The separation of duties gap. AC-5 requires separation between the developer and the production approver. But what happens when Copilot’s coding agent autonomously generates code, opens a PR, and self-reviews it? The “developer” is now an AI, and the first human to see the code may be the person approving the pull into your dev environment. Your separation of duties model needs to explicitly address AI-authored commits. At minimum, AI-generated code should be flagged in your pipeline and require human review before entering the authorization boundary — not just before production promotion.

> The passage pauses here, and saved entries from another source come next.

(* Let $\sigma$ be a finite relational signature and let $\mathcal{A}$ and $\mathcal{B}$ be finite $\sigma$-structures with domains $A$ and $B$. The following are equivalent: (I) there is a surjective homomorphism from $\mathcal{A}^{|A|^{|B|}}$ to $\mathcal{B}$; (II) there exists a positive integer $r<\omega$ such that there is a surjective homomorphism from $\mathcal{A}^r$ to $\mathcal{B}$; (III) $\mathrm{QCSP}(\mathcal{A}) \subseteq \mathrm{QCSP}(\mathcal{B})$; (IV) $\Pi_2\text{-}\mathrm{CSP}(\mathcal{A}) \subseteq \Pi_2\text{-}\mathrm{CSP}(\mathcal{B})$.
   Context: A homomorphism $h:\mathcal{A}\to\mathcal{B}$ is a map $A\to B$ such that for every $p$-ary $R\in\sigma$, $(a_1,\dots,a_p)\in R^{\mathcal{A}}$ implies $(h(a_1),\dots,h(a_p))\in R^{\mathcal{B}}$. For a cardinal $m$, $\mathcal{A}^m$ is the direct (categorical) power: domain $A^m$, and a tuple of elements is in $R^{\mathcal{A}^m}$ iff it is in $R^{\mathcal{A}}$ coordinatewise. A positive Horn (pH) sentence is a first-order sentence built from atomic formulas (relational atoms of $\sigma$ and equalities) using only $\exists$, $\forall$ and $\wedge$; it can be put in prenex form $\forall \bar x_1\exists\bar y_1\cdots\forall\bar x_k\exists\bar y_k\,P$ with $P$ a conjunction of atoms. $\mathrm{QCSP}(\mathcal{A})$ denotes the set of pH sentences true in $\mathcal{A}$; $\Pi_2\text{-}\mathrm{CSP}(\mathcal{A})$ denotes the set of pH sentences of the form $\forall\bar x_1\exists\bar y_1\,P$ ($P$ a conjunction of atoms) true in $\mathcal{A}$. *)

From mathcomp Require Import all_boot.
Set Implicit Arguments. Unset Strict Implicit. Unset Printing Implicit Defensive.

Record structure (S : finType) (ar : S -> nat) := Structure {
  dom : finType;
  rel : forall s : S, pred {ffun 'I_(ar s) -> dom}
}.
Arguments Structure {S ar}.
Arguments dom {S ar}.
Arguments rel {S ar}.

Section Structures.
Variables (S : finType) (ar : S -> nat).

Definition is_hom (A B : structure ar) (h : dom A -> dom B) : Prop :=
  forall (s : S) (t : {ffun 'I_(ar s) -> dom A}),
    rel A s t -> rel B s [ffun i => h (t i)].

Definition surj (X Y : Type) (h : X -> Y) : Prop := forall y, exists x, h x = y.

Definition pow_structure (A : structure ar) (m : nat) : structure ar :=
  Structure {ffun 'I_m -> dom A}
    (fun s (t : {ffun 'I_(ar s) -> {ffun 'I_m -> dom A}}) =>
       [forall k : 'I_m, rel A s [ffun i => t i k]]).

(* positive Horn formulas over variables indexed by nat *)
Inductive pH : Type :=
  | pAtom (s : S) (v : 'I_(ar s) -> nat)
  | pEq (x y : nat)
  | pAnd (f g : pH)
  | pEx (x : nat) (f : pH)
  | pAll (x : nat) (f : pH).

Fixpoint fv (f : pH) : seq nat :=
  match f with
  | pAtom s v => [seq v i | i <- enum 'I_(ar s)]
  | pEq x y => [:: x; y]
  | pAnd f g => fv f ++ fv g
  | pEx x f => filter (predC1 x) (fv f)
  | pAll x f => filter (predC1 x) (fv f)
  end.

Definition sentence (f : pH) : Prop := fv f = [::].

Definition upd (T : Type) (e : nat -> T) (x : nat) (a : T) : nat -> T :=
  fun y => if y == x then a else e y.

Fixpoint sat (A : structure ar) (e : nat -> dom A) (f : pH) {struct f} : Prop :=
  match f with
  | pAtom s v => rel A s [ffun i => e (v i)]
  | pEq x y => e x = e y
  | pAnd f1 f2 => sat e f1 /\ sat e f2
  | pEx x f1 => exists a : dom A, sat (upd e x a) f1
  | pAll x f1 => forall a : dom A, sat (upd e x a) f1
  end.

Definition holds (A : structure ar) (f : pH) : Prop :=
  forall e : nat -> dom A, @sat A e f.

Definition QCSP (A : structure ar) (f : pH) : Prop := sentence f /\ holds A f.

Fixpoint is_conj_atoms (f : pH) : bool :=
  match f with
  | pAtom _ _ | pEq _ _ => true
  | pAnd f g => is_conj_atoms f && is_conj_atoms g
  | _ => false
  end.

Fixpoint is_ex_block (f : pH) : bool :=
  match f with
  | pEx _ g => is_ex_block g
  | _ => is_conj_atoms f
  end.

Fixpoint is_Pi2 (f : pH) : bool :=
  match f with
  | pAll _ g => is_Pi2 g
  | _ => is_ex_block f
  end.

Definition Pi2CSP (A : structure ar) (f : pH) : Prop :=
  [/\ sentence f, is_Pi2 f & holds A f].

End Structures.

From Pilot Require Import Defs.
From mathcomp Require Import all_boot.
Set Implicit Arguments. Unset Strict Implicit. Unset Printing Implicit Defensive.

(* Surjective homomorphisms and direct powers preserve positive Horn sentences,
   which gives (II) -> (III).  Conversely, let m = |A|^|B|, index the
   coordinates of A^m by the maps B -> A, and let proj b in A^m be the element
   whose coordinate at a is a b.  The Pi_2 sentence "for all (x_b)_(b in B)
   there are (y_g)_(g in A^m) satisfying the positive diagram of A^m and
   x_b = y_(proj b)" holds in A: take y_g to be the coordinate of g at the map
   b |-> x_b, since coordinate projections are homomorphisms.  Evaluated in B
   at x_b := b, its witnesses form a homomorphism A^m -> B mapping proj b to b. *)

Section Satisfaction.
Variables (S : finType) (ar : S -> nat).
Implicit Types (A B : structure ar) (f : pH ar).

Lemma eq_sat A f (e e' : nat -> dom A) : e =1 e' -> sat e f -> sat e' f.
Proof.
elim: f e e' => [s v|x y|f IHf g IHg|x f IHf|x f IHf] e e' ee' /=.
- by congr (Defs.rel _ _ _); apply/ffunP=> i; rewrite !ffunE ee'.
- by rewrite !ee'.
- by case=> ef eg; split; [apply: IHf ef | apply: IHg eg].
- by case=> a ef; exists a; apply: IHf ef => y; rewrite /upd; case: eqP.
- by move=> ef a; apply: IHf (ef a) => y; rewrite /upd; case: eqP.
Qed.

Lemma comp_upd (T U : Type) (h : T -> U) (e : nat -> T) x a :
  upd (h \o e) x (h a) =1 h \o upd e x a.
Proof. by move=> y; rewrite /upd /=; case: eqP. Qed.

Lemma sat_surj_hom A B (h : dom A -> dom B) :
  is_hom h -> surj h -> forall f (e : nat -> dom A), sat e f -> sat (h \o e) f.
Proof.
move=> hom_h surj_h; elim=> [s v|x y|f IHf g IHg|x f IHf|x f IHf] e /=.
- move/hom_h; congr (Defs.rel _ _ _); by apply/ffunP=> i; rewrite !ffunE.
- by move->.
- by case=> ef eg; split; [apply: IHf | apply: IHg].
- by case=> a /IHf ef; exists (h a); apply: eq_sat ef => y; rewrite comp_upd.
- move=> ef b; have [a <-] := surj_h b.
  by apply: eq_sat (IHf _ (ef a)) => y; rewrite comp_upd.
Qed.

Lemma holds_surj_hom A B (h : dom A -> dom B) f :
  is_hom h -> surj h -> holds A f -> holds B f.
Proof.
move=> hom_h surj_h fA e.
have [g hgK] := fin_all_exists surj_h.
have := sat_surj_hom hom_h surj_h (fA (g \o e)).
by apply: eq_sat => y /=; apply: hgK.
Qed.

Lemma sat_pow A r f (e : nat -> dom (pow_structure A r)) :
  (forall k, sat (fun x => e x k) f) -> sat e f.
Proof.
elim: f e => [s v|x y|f IHf g IHg|x f IHf|x f IHf] e /= ef.
- apply/forallP=> k; move: (ef k); congr (Defs.rel _ _ _).
  by apply/ffunP=> i; rewrite !ffunE.
- by apply/ffunP=> k; apply: ef.
- by split; [apply: IHf | apply: IHg] => k; case: (ef k).
- have [a ea] := fin_all_exists ef; exists [ffun k => a k]; apply: IHf => k.
  by apply: eq_sat (ea k) => y; rewrite /upd; case: eqP; rewrite ?ffunE.
- move=> a; apply: IHf => k.
  by apply: eq_sat (ef k (a k)) => y; rewrite /upd; case: eqP.
Qed.

Lemma holds_pow A r f : holds A f -> holds (pow_structure A r) f.
Proof. by move=> fA e; apply: sat_pow => k; apply: fA. Qed.

End Satisfaction.

Section Prenex.
Variables (S : finType) (ar : S -> nat).
Implicit Types (A : structure ar) (P : pH ar) (xs ys : seq nat).

(* pH has no truth constant: the empty conjunction is the equation 0 = 0,
   whence the hypothesis 0 \in X of fv_bigAnd_sub. *)
Definition bigAnd (T : Type) (F : T -> pH ar) (s : seq T) : pH ar :=
  foldr (fun t => pAnd (F t)) (@pEq _ ar 0 0) s.

Definition prenexPi2 xs ys P : pH ar := foldr (@pAll _ _) (foldr (@pEx _ _) P ys) xs.

Lemma sat_bigAnd A (e : nat -> dom A) (T : eqType) (F : T -> pH ar) s :
  sat e (bigAnd F s) <-> {in s, forall t, sat e (F t)}.
Proof.
elim: s => [|t s IHs] /=; first by [].
split=> [[eFt /IHs eFs] u|eFs]; first by rewrite inE => /predU1P[->|/eFs].
split; first by apply: eFs; rewrite mem_head.
by apply/IHs => u su; apply: eFs; rewrite inE su orbT.
Qed.

Lemma is_conj_atoms_bigAnd (T : Type) (F : T -> pH ar) s :
  (forall t, is_conj_atoms (F t)) -> is_conj_atoms (bigAnd F s).
Proof. by move=> FP; elim: s => //= t s ->; rewrite FP. Qed.

Lemma fv_bigAnd_sub (T : eqType) (F : T -> pH ar) s (X : seq nat) :
  0 \in X -> {in s, forall t, {subset fv (F t) <= X}} -> {subset fv (bigAnd F s) <= X}.
Proof.
move=> X0; elim: s => [_ v|t s IHs FX v] /=; first by rewrite !inE orbb => /eqP->.
rewrite mem_cat => /orP[/(FX t (mem_head _ _))//|]; apply: IHs => u su.
by apply: FX; rewrite inE su orbT.
Qed.

Lemma fv_foldr_pAll P xs : fv (foldr (@pAll _ _) P xs) = [seq v <- fv P | v \notin xs].
Proof.
elim: xs => [|x xs IHxs] /=; first by rewrite filter_predT.
by rewrite IHxs -filter_predI; apply: eq_filter => v; rewrite /= inE negb_or.
Qed.

Lemma fv_foldr_pEx P ys : fv (foldr (@pEx _ _) P ys) = [seq v <- fv P | v \notin ys].
Proof.
elim: ys => [|y ys IHys] /=; first by rewrite filter_predT.
by rewrite IHys -filter_predI; apply: eq_filter => v; rewrite /= inE negb_or.
Qed.

Lemma sentence_prenexPi2 xs ys P :
  {subset fv P <= xs ++ ys} -> sentence (prenexPi2 xs ys P).
Proof.
move=> PX; rewrite /sentence /prenexPi2 fv_foldr_pAll fv_foldr_pEx -filter_predI.
apply/eqP; rewrite -[_ == _]negbK -has_filter; apply/hasP => -[v /PX].
by rewrite mem_cat /= => /orP[] ->; rewrite ?andbF.
Qed.

Lemma is_Pi2_prenexPi2 xs ys P : is_conj_atoms P -> is_Pi2 (prenexPi2 xs ys P).
Proof.
move=> PP; have : is_ex_block (foldr (@pEx _ _) P ys).
  by elim: ys => [|y ys] //=; case: P PP.
by elim: xs => [|x xs] //=; case: foldr.
Qed.

Lemma sat_foldr_pEx A (e : nat -> dom A) P ys :
  sat e (foldr (@pEx _ _) P ys) <->
  exists2 e', sat e' P & forall y, y \notin ys -> e' y = e y.
Proof.
elim: ys e => [|y ys IHys] e /=.
  split=> [eP|[e' e'P e'e]]; first by exists e.
  by apply: eq_sat e'P => y; apply: e'e.
split=> [[a /IHys[e' e'P e'e]]|[e' e'P e'e]].
  exists e' => // z; rewrite inE negb_or => /andP[zy zys].
  by rewrite e'e // /upd (negbTE zy).
exists (e' y); apply/IHys; exists e' => // z zys; rewrite /upd.
by case: eqP => [->|/eqP zy] //; apply: e'e; rewrite inE negb_or zy.
Qed.

Lemma sat_foldr_pAll A (e : nat -> dom A) P xs :
  sat e (foldr (@pAll _ _) P xs) <->
  forall e', (forall x, x \notin xs -> e' x = e x) -> sat e' P.
Proof.
elim: xs e => [|x xs IHxs] e /=.
  by split=> [eP e' e'e|eP]; [apply: eq_sat eP => y; rewrite e'e | apply: eP].
split=> [eP e' e'e|eP a].
  apply: (IHxs _).1 (eP (e' x)) _ _ => z zxs; rewrite /upd.
  by case: eqP => [->|/eqP zx] //; apply: e'e; rewrite inE negb_or zx.
apply/IHxs => e' e'e; apply: eP => z; rewrite inE negb_or => /andP[zx zxs].
by rewrite e'e // /upd (negbTE zx).
Qed.

End Prenex.

Section CanonicalSentence.
Variables (S : finType) (ar : S -> nat) (A B : structure ar).
Hypothesis B_gt0 : 0 < #|dom B|.

Local Notation m := (#|dom A| ^ #|dom B|).
Local Notation G := {ffun 'I_m -> dom A}.

Definition coord (k : 'I_m) : {ffun dom B -> dom A} :=
  enum_val (cast_ord (esym (card_ffun _ _)) k).

Lemma coord_surj (a : {ffun dom B -> dom A}) : exists k, coord k = a.
Proof.
exists (cast_ord (card_ffun _ _) (enum_rank a)).
by rewrite /coord cast_ordK enum_rankK.
Qed.

Definition proj (b : dom B) : G := [ffun k => coord k b].

Definition xvar (b : dom B) : nat := enum_rank b.
Definition yvar (g : G) : nat := #|dom B| + enum_rank g.

Lemma yvar_inj : injective yvar.
Proof. by move=> g g' /addnI /ord_inj /enum_rank_inj. Qed.

Lemma xvar_notin_yvars b : xvar b \notin [seq yvar g | g <- enum G].
Proof.
apply/mapP => -[g _ xy]; move: (ltn_ord (enum_rank b)).
by rewrite -[val _]/(xvar b) xy /yvar ltnNge leq_addr.
Qed.

Definition diagram_atoms : pH ar :=
  bigAnd (fun s =>
    bigAnd (fun t : {ffun 'I_(ar s) -> G} => pAtom (fun j => yvar (t j)))
      [seq t <- enum {ffun 'I_(ar s) -> G} | Defs.rel (pow_structure A m) s t])
    (enum S).

Definition proj_eqs : pH ar :=
  bigAnd (fun b => @pEq _ ar (xvar b) (yvar (proj b))) (enum (dom B)).

Definition canonical_sentence : pH ar :=
  prenexPi2 (iota 0 #|dom B|) [seq yvar g | g <- enum G] (pAnd diagram_atoms proj_eqs).

Lemma canonical_sentence_Pi2CSP : Pi2CSP A canonical_sentence.
Proof.
split.
- apply: sentence_prenexPi2 => v.
  set X := iota 0 _ ++ _.
  have X0 : 0 \in X by rewrite mem_cat mem_iota B_gt0.
  have yvarX g : yvar g \in X by rewrite mem_cat map_f ?mem_enum ?orbT.
  rewrite /= mem_cat => /orP[]; apply: fv_bigAnd_sub => //.
  + move=> s _; apply: fv_bigAnd_sub => // t _ u /mapP[j _ ->]; exact: yvarX.
  + move=> b _ u; rewrite !inE => /orP[]/eqP-> //.
    by rewrite mem_cat mem_iota ltn_ord.
- apply: is_Pi2_prenexPi2; apply/andP; split; apply: is_conj_atoms_bigAnd => //.
  by move=> s; apply: is_conj_atoms_bigAnd.
move=> e; apply/sat_foldr_pAll => e' _.
have [k coord_k] := coord_surj [ffun b => e' (xvar b)].
pose eA y := if [pick g | yvar g == y] is Some g then g k else e' y.
have eA_yvar g : eA (yvar g) = g k.
  by rewrite /eA; case: pickP => [g' /eqP/yvar_inj -> | /(_ g)]; rewrite ?eqxx.
have eA_out y : y \notin [seq yvar g | g <- enum G] -> eA y = e' y.
  by rewrite /eA; case: pickP => // g /eqP <-; rewrite map_f ?mem_enum.
apply/sat_foldr_pEx; exists eA => //; split.
- apply/sat_bigAnd => s _; apply/sat_bigAnd => t.
  rewrite mem_filter /= => /andP[/forallP tA _].
  by move: (tA k); congr (Defs.rel _ _ _); apply/ffunP => j; rewrite !ffunE eA_yvar.
- apply/sat_bigAnd => b _ /=.
  by rewrite eA_yvar eA_out ?xvar_notin_yvars // ffunE coord_k ffunE.
Qed.

Lemma surj_hom_of_canonical_sentence :
  holds B canonical_sentence ->
  exists h, is_hom (A := pow_structure A m) (B := B) h /\ surj h.
Proof.
have [b0 _] := card_gt0P B_gt0.
pose eB y := nth b0 (enum (dom B)) y.
move=> /(_ eB) /sat_foldr_pAll /(_ eB (fun _ _ => erefl)) /sat_foldr_pEx.
case=> eY [atomsB eqsB] eY_out.
exists (fun g => eY (yvar g)); split.
- move=> s t tA; move/sat_bigAnd: atomsB => /(_ s (mem_enum _ _)) /sat_bigAnd.
  by apply; rewrite mem_filter tA mem_enum.
- move=> b; exists (proj b); move/sat_bigAnd: eqsB => /(_ b (mem_enum _ _)) /= <-.
  by rewrite eY_out ?xvar_notin_yvars // /eB /xvar nth_enum_rank.
Qed.

End CanonicalSentence.

Theorem mainTheorem1 (S : finType) (ar : S -> nat) (A B : structure ar)
  (hA : 0 < #|dom A|) (hB : 0 < #|dom B|) :
  [<-> (exists h, @is_hom S ar (pow_structure A (#|dom A| ^ #|dom B|)) B h /\ surj h);
       (exists r : nat, 0 < r /\
          exists h, @is_hom S ar (pow_structure A r) B h /\ surj h);
       (forall f : pH ar, QCSP A f -> QCSP B f);
       (forall f : pH ar, Pi2CSP A f -> Pi2CSP B f)].
Proof.
tfae.
- by move=> surj_hom; exists (#|dom A| ^ #|dom B|); rewrite expn_gt0 hA.
- move=> [r [_ [h [hom_h surj_h]]]] f [sf fA]; split=> //.
  exact: holds_surj_hom hom_h surj_h (holds_pow fA).
- by move=> QCSP_sub f [sf Pi2f fA]; have [_ fB] := QCSP_sub f (conj sf fA).
- move=> Pi2CSP_sub; have [_ _] := Pi2CSP_sub _ (canonical_sentence_Pi2CSP A hB).
  exact: surj_hom_of_canonical_sentence.
Qed.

The prompt injection vector. Just two weeks ago, Orca Security disclosed a vulnerability where attackers could inject malicious instructions into a GitHub Issue that would be automatically processed by Copilot when launching a Codespace, potentially leaking the user’s GitHub token and enabling repository takeover. This is a supply chain attack that weaponizes the AI coding tool itself. Your pipeline’s integrity verification at the boundary crossing (SI-7) needs to account for the possibility that the AI assistant was compromised or manipulated before the code was even committed.
What your SSP needs to address:
Document every AI coding tool used by developers who contribute code to the CSO. Treat each as an external information system service under SA-9 with specific data flow documentation. Update your SA-11 (Developer Testing) to describe how AI-generated code is identified, flagged, and subjected to additional security review. Ensure your RA-5 scanning covers AI-specific vulnerability patterns. Add AI-generated code review requirements to your CM-3 change control process. And brief your developers — the person signing the executive affirmation needs to know that AI is writing code that enters the authorization boundary.
This isn’t a theoretical future concern. It’s a current gap in almost every FedRAMP SSP I’ve reviewed. The CSPs that get ahead of it now will have a significant advantage when assessors start asking these questions — and they will.
The Bottom Line
Your CI/CD pipeline isn’t just a DevOps convenience. In a FedRAMP Moderate environment, it’s a security-critical component that touches boundary protection, supply chain integrity, change management, access control, and continuous monitoring. Every stage has specific control obligations, and the connections between stages are where most compliance gaps hide.
If you’re a CSP running this architecture and your SSP describes the pipeline in two paragraphs, you’re not ready for assessment. If you’re an assessor and you’re not walking the pipeline end-to-end during interviews, you’re not doing a thorough job.
The pipeline is the boundary. Treat it like one.